Procedure: 98°C 30sec

30X
   98°C       10 sec
   Annealing* 30 sec
   72°C       15 sec per 1 kb

72°C 5min 4°C hold


Transformation: Materials:  TOP10 Chemical Competent Cells (Invitrogen, Cat No. C4040-03)  SOC Medium (Sigma, Cat. No. S1797)  LB Agar (Sigma, Cat. No. L3027)  Petri Dishes (VWR, Cat. No. SC25373-187)  Cell Spreader (VWR, Cat.

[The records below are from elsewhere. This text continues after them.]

(* A nat-graph whose domain contains all but finitely many points of the
   infinite set [X] yields an injection [X * nat -> X]: the points outside the
   domain are first coded injectively into the fibre of one domain point. *)
Lemma absorption_of_cofinite_graph {T : Type} (X : T -> Prop) G (l : list T) :
  inf_set X -> nat_graph X G -> (forall x, X x -> ~ graph_dom G x -> In x l) ->
  exists f : T -> nat -> T, (forall x n, X x -> X (f x n)) /\
    (forall x n x' n', X x -> X x' -> f x n = f x' n' -> x = x' /\ n = n').
Proof.
intros HX HG Hl.
destruct (HX l) as [y0 [Xy0 ny0]].
assert (Hy0 : graph_dom G y0) by (apply NNPP; intros nd; apply ny0, Hl; auto).
set (g x n := epsilon (inhabits y0) (fun z => G (x, n, z))).
assert (Hg : forall x n, graph_dom G x -> G (x, n, g x n)).
{ intros x n [z Gz]. apply epsilon_spec. exact (ng_total X G HG x O z n Gz). }
set (idx x := epsilon (inhabits O) (fun k => nth_error l k = Some x)).
assert (Hidx : forall x, In x l -> nth_error l (idx x) = Some x).
{ intros x Hx. apply epsilon_spec. apply In_nth_error; auto. }
set (code x := if excluded_middle_informative (graph_dom G x) then (x, O) else (y0, S (idx x))).
assert (code_dom : forall x, graph_dom G (fst (code x))).
{ intros x. unfold code. destruct (excluded_middle_informative (graph_dom G x)); auto. }
assert (code_inj : forall x x', X x -> X x' -> code x = code x' -> x = x').
{ intros x x' Xx Xx'. unfold code.
  destruct (excluded_middle_informative (graph_dom G x)) as [d|nd];
  destruct (excluded_middle_informative (graph_dom G x')) as [d'|nd'];
  intros E.
  - injection E as Ex. exact Ex.
  - discriminate E.
  - discriminate E.
  - injection E as Ek. assert (E1 := Hidx x (Hl x Xx nd)).
    assert (E2 := Hidx x' (Hl x' Xx' nd')). rewrite Ek E2 in E1. injection E1; auto. }
exists (fun x n => g (fst (code x)) (pair_code (snd (code x)) n)). split.
- intros x n _. destruct (ng_closed X G HG _ _ _ (Hg _ (pair_code (snd (code x)) n) (code_dom x)))
    as [z Gz].
  exact (ng_src X G HG _ _ _ Gz).
- intros x n x' n' Xx Xx' E.
  assert (G1 := Hg _ (pair_code (snd (code x)) n) (code_dom x)).
  assert (G2 := Hg _ (pair_code (snd (code x')) n') (code_dom x')).
  rewrite E in G1. destruct (ng_inj X G HG _ _ _ _ _ G1 G2) as [Efst Epair].
  apply pair_code_inj in Epair. destruct Epair as [Esnd ->]. split; auto.
  apply code_inj; auto. destruct (code x), (code x'); simpl in *; subst; reflexivity.
Qed.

No. 89042-018)  37°C incubator  37°C shaker  water bath Protocol: 1. Thaw 1 tube of competent cells on ice; 2. Add 3 ul of cloning product or 1-50 ng of plasmid into competent cells while stirring gently; 3. Keep the tube covered by ice for 30min; 4. Heat-shock the competent cells in water bath for 45 sec at 42°C; 5. Put the tube on ice for 2 minutes; 6. Add 450 ul of SOC medium and then put it in a 37°C shaker for 1 hour; 7. Dilute and spread an appropriate amount on an LB agar plate with the appropriate antibiotics; 8. Place the plate up-side-down in 37°C incubator for 16-18 hours (overnight).